▸ **DESCRIPTION OF THE TASK**: Only those lines in the data below from the line containing "we evaluate under" through the line containing "quantifiers, because the", both included, should be restated word for word.

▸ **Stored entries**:
===

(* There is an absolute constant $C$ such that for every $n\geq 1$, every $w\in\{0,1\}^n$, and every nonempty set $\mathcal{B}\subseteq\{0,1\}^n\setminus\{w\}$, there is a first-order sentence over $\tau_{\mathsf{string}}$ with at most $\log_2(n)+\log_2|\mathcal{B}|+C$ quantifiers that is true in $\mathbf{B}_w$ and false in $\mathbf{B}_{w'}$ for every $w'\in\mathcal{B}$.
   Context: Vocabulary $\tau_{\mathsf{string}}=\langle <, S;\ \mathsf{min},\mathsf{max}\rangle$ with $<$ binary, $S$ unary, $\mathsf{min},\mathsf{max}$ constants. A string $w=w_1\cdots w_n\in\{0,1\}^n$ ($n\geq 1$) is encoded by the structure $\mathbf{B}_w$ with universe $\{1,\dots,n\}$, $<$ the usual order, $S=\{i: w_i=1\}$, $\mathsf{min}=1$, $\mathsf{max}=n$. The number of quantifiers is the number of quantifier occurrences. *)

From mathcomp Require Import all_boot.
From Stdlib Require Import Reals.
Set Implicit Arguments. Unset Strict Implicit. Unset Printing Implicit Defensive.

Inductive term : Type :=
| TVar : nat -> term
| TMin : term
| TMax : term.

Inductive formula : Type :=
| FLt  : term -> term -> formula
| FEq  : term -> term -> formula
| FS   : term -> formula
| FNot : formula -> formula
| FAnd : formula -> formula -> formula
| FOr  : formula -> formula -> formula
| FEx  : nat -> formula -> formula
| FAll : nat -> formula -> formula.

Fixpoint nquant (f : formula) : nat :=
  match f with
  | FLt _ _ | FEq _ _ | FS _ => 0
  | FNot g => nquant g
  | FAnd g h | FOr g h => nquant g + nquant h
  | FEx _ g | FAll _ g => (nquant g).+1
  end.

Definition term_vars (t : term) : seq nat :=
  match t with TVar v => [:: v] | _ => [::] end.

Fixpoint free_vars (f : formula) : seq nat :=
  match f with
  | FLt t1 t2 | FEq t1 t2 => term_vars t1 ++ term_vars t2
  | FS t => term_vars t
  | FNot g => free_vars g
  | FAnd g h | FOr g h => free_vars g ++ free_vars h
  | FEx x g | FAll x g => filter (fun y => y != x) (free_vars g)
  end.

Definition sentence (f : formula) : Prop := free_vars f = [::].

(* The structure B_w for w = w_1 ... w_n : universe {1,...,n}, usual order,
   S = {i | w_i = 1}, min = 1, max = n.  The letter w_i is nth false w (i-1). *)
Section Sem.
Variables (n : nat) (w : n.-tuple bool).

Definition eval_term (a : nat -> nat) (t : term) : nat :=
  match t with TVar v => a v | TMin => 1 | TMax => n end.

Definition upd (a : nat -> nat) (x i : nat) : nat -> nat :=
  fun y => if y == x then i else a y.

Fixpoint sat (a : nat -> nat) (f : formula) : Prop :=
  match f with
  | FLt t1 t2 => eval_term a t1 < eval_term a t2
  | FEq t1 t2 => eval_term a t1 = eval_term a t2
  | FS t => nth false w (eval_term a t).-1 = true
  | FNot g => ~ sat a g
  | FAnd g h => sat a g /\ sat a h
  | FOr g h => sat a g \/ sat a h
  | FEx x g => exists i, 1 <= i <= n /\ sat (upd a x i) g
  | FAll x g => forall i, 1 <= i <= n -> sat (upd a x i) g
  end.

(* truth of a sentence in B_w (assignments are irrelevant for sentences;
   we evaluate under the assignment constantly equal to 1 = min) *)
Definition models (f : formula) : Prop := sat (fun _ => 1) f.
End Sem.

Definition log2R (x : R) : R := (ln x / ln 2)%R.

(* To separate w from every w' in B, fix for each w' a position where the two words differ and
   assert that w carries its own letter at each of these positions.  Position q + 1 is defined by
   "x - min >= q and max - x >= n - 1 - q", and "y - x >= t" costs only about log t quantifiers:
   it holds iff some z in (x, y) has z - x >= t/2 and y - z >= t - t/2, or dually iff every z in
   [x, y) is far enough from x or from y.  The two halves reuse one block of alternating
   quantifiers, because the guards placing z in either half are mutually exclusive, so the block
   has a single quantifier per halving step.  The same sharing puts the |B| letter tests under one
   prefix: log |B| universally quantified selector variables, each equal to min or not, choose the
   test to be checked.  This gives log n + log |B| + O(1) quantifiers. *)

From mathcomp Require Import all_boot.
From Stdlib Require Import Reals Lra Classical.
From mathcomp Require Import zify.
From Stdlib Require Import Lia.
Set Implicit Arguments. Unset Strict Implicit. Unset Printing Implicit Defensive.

===

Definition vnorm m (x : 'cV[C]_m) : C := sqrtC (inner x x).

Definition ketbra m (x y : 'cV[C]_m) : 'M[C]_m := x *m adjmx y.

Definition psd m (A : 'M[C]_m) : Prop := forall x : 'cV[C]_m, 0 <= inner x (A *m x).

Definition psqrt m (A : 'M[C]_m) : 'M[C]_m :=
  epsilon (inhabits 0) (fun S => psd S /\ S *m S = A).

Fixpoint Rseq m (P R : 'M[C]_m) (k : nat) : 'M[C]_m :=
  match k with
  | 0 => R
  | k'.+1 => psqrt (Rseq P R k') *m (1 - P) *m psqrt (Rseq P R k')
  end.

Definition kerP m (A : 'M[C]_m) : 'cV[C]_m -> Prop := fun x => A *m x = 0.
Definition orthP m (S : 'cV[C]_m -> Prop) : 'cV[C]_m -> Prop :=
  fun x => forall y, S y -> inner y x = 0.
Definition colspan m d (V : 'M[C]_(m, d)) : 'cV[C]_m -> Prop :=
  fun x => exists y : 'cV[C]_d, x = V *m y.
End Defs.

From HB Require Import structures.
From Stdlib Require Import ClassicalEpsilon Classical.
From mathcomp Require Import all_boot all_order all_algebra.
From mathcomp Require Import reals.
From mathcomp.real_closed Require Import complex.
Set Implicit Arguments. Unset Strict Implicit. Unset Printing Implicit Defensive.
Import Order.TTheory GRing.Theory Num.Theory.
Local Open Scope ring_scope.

===

▸ **SOLVED PROBLEM**:
   we evaluate under the assignment constantly equal to 1 = min) *)
Definition models (f : formula) : Prop := sat (fun _ => 1) f.
End Sem.

Definition log2R (x : R) : R := (ln x / ln 2)%R.

(* To separate w from every w' in B, fix for each w' a position where the two words differ and
   assert that w carries its own letter at each of these positions.  Position q + 1 is defined by
   "x - min >= q and max - x >= n - 1 - q", and "y - x >= t" costs only about log t quantifiers:
   it holds iff some z in (x, y) has z - x >= t/2 and y - z >= t - t/2, or dually iff every z in
   [x, y) is far enough from x or from y.  The two halves reuse one block of alternating
   quantifiers, because the guards placing z in either half are mutually exclusive, so the block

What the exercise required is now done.